By Deb Sauerhage Lehde

    Local students had a chance to learn about dairy farming during a recent dairy tour hosted by Washington County Farm Bureau.

Kindergarten, first and second grades from St. Ann’s in Nashville, and first and second grades from Trinity St. John in Nashville, visited Maple Hill Farm in rural Ashley.

Nashville High School FFA members manned several educational stations, including a dairy calf that students could pet.

Farmer Mike Chwasczinski opened his barns to 44 students 10 adults from the schools.

“When only two percent of the U.S. population consists of farm families, it becomes increasingly important to share agriculture’s story,” said Bradley D. Conant, Farm Bureau Certified Manager (FBCM) for Washington County Farm Bureau. “Mike Chwasczinski and Maple Hill Farm in rural Ashley are doing just that.”

Joyce Fikri, LDN, nutrition educator from St. Louis Dairy Council also talked to students about dairy and nutrition.

Joyce Fikri, LDN, nutrition educator from St. Louis Dairy Council talked to students about dairy and nutrition. Fikri encouraged students to get at least three servings of dairy a day.

“Dairy foods are packed with bone-building calcium,” Fikri said. “Be sure to get three servings of milk, yogurt or cheese every day for strong bones and teeth.”

The students, teachers and adult chaperones all enjoy the tour.

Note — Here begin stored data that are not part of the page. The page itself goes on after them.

Let Z0_neq0 : [fset 0 : G] != fset0.
Proof. by apply/fset0Pn; exists 0; rewrite in_fset1. Qed.

Local Hint Resolve U_sub_U0 U0_neq0 Z0_neq0 : core.

Lemma alpha_compress : alpha R (compress phi U) <= alpha R U.
Proof.
apply: inf_le_inf => [|_ [A [B [A0 B0 UA UB ->]]]|_ [A [B [_ _ _ _ ->]]]].
- by eexists; exists U0, U0; split.
- eexists; first by exists (compress phi A), (compress phi B);
    split; rewrite ?compress_eq0 ?compressS.
  rewrite !card_R_compress.
  by apply: ler_card_R_div; rewrite ?sqrtr_ge0 ?card_sumset_compress.
- by rewrite divr_ge0 ?card_R_ge0 ?sqrtr_ge0.
Qed.

Lemma alpha'_compress : alpha' R (compress phi U) <= alpha' R U.
Proof.
apply: inf_le_inf
  => [|_ [A [B [A0 B0 UA UB [eqAB ->]]]]|_ [A [B [_ _ _ _ [_ ->]]]]].
- by eexists; exists U0, U0; split.
- eexists; first by exists (compress phi A), (compress phi B);
    split; rewrite ?compress_eq0 ?compressS ?card_compress.
  rewrite !card_R_compress.
  by apply: ler_card_R_div; rewrite ?card_R_ge0 ?card_sumset_compress.
- by rewrite divr_ge0 ?card_R_ge0.
Qed.

Lemma alpha''_compress : alpha'' R (compress phi U) <= alpha'' R U.
Proof.
apply: inf_le_inf => [|_ [A [A0 UA ->]]|_ [A [_ _ ->]]].
- by eexists; exists U0; split.
- eexists; first by exists (compress phi A); split; rewrite ?compress_eq0 ?compressS.
  rewrite !card_R_compress.
  by apply: ler_card_R_div; rewrite ?card_R_ge0 ?card_sumset_compress.
- by rewrite divr_ge0 ?card_R_ge0.
Qed.

Lemma beta_p_compress (p : R) : beta_p p (compress phi U) <= beta_p p U.
Proof.
apply: inf_le_inf => [|_ [A [B [A0 B0 ->]]]|_ [A [B [_ _ ->]]]].
- by eexists; exists [fset 0], [fset 0]; split.
- eexists; first by exists (compress phi A), (compress phi B); rewrite !compress_eq0.
  rewrite !card_R_compress.
  by apply: ler_card_R_div; rewrite ?mulr_ge0 ?powR_ge0 ?card_sumset3_compress.
- by rewrite divr_ge0 ?card_R_ge0 ?mulr_ge0 ?powR_ge0.
Qed.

Students made a Dairy Farm Charm bag to help them remember what dairy cows eat and how the farmer cares for the cows.

“Farmer Mike never disappoints,” said St Ann School Kindergarten teacher Valeria Bauza. “The students enjoy all the animals and demonstrations of the work that goes into dairy farming.”

Thirteen members of the Nashville High School FFA helped with the set up and tear down and assisted with the tour by offering additional lessons on dairy farming, farm safety and animal care.

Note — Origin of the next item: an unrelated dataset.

(* Let $\mathscr{A}$ be a strict monoidal category and $\mathscr{B}$ a strict braided monoidal category with braiding $c$. Let $\mathrm{Frob}(\mathscr{A},\mathscr{B})$ be the category whose objects are Frobenius monoidal functors $\mathscr{A}\to\mathscr{B}$ and whose morphisms are all natural transformations between them. For $F,G$ in $\mathrm{Frob}(\mathscr{A},\mathscr{B})$, let $(F\otimes G)A=FA\otimes GA$, with monoidal structure $r=(r^F_{A,B}\otimes r^G_{A,B})(1\otimes c^{-1}_{FB,GA}\otimes 1)$, $r_0=r^F_0\otimes r^G_0$, and comonoidal structure $i=(1\otimes c_{FB,GA}\otimes 1)(i^F_{A,B}\otimes i^G_{A,B})$, $i_0=i^F_0\otimes i^G_0$. Then $F\otimes G$ is a Frobenius monoidal functor, and with this pointwise tensor product, unit the constant functor at $I$, and braiding $(c_{F,G})_A=c_{FA,GA}$, $\mathrm{Frob}(\mathscr{A},\mathscr{B})$ is a braided monoidal category.
   Context: A Frobenius monoidal functor is a functor $F$ that is monoidal $(F,r,r_0)$ (with $r_{A,B}:FA\otimes FB\to F(A\otimes B)$, $r_0:I\to FI$) and comonoidal $(F,i,i_0)$ (with $i_{A,B}:F(A\otimes B)\to FA\otimes FB$, $i_0:FI\to I$), such that for all objects $A,B,C$: $i_{A,B\otimes C}\circ r_{A\otimes B,C} = (1\otimes r_{B,C})\circ(i_{A,B}\otimes 1)$ and $i_{A\otimes B,C}\circ r_{A,B\otimes C} = (r_{A,B}\otimes 1)\circ(1\otimes i_{B,C})$. *)

From Stdlib Require Import ProofIrrelevance FunctionalExtensionality.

Volunteers from Farm Bureau also offered additional support.

Students also learned about equipment used in dairy farming and farm safety.

“The FFA students and other volunteers are always so helpful and understanding with the students,” Bauza said.

Chwasczinski, a Washington County Farm Bureau member, has a long history of opening his farm for educational tours.

A group photo of St. Ann and Trinity St. John students, along with NCHS FFA volunteers and Dairy Farmer Mike Chwasczinski.

In addition to opening his barns, Chwasczinski recruits neighbors to bring additional livestock. This year the petting zoo included rabbits, chickens and goats.

“Mike has welcomed elementary classrooms from across the county to tour his dairy farm for over 25 years,” Conant said. “Hundreds of kids from Washington County have been able to see first-hand where their milk, cheese and other dairy products come from while interacting with the numerous farm animals from Mike and his neighbors. A big thank you to Mike, his family and employees, and all the volunteers for their dedication in bringing agriculture to the youth of Washington County.”

The tour ended with cookies and milk.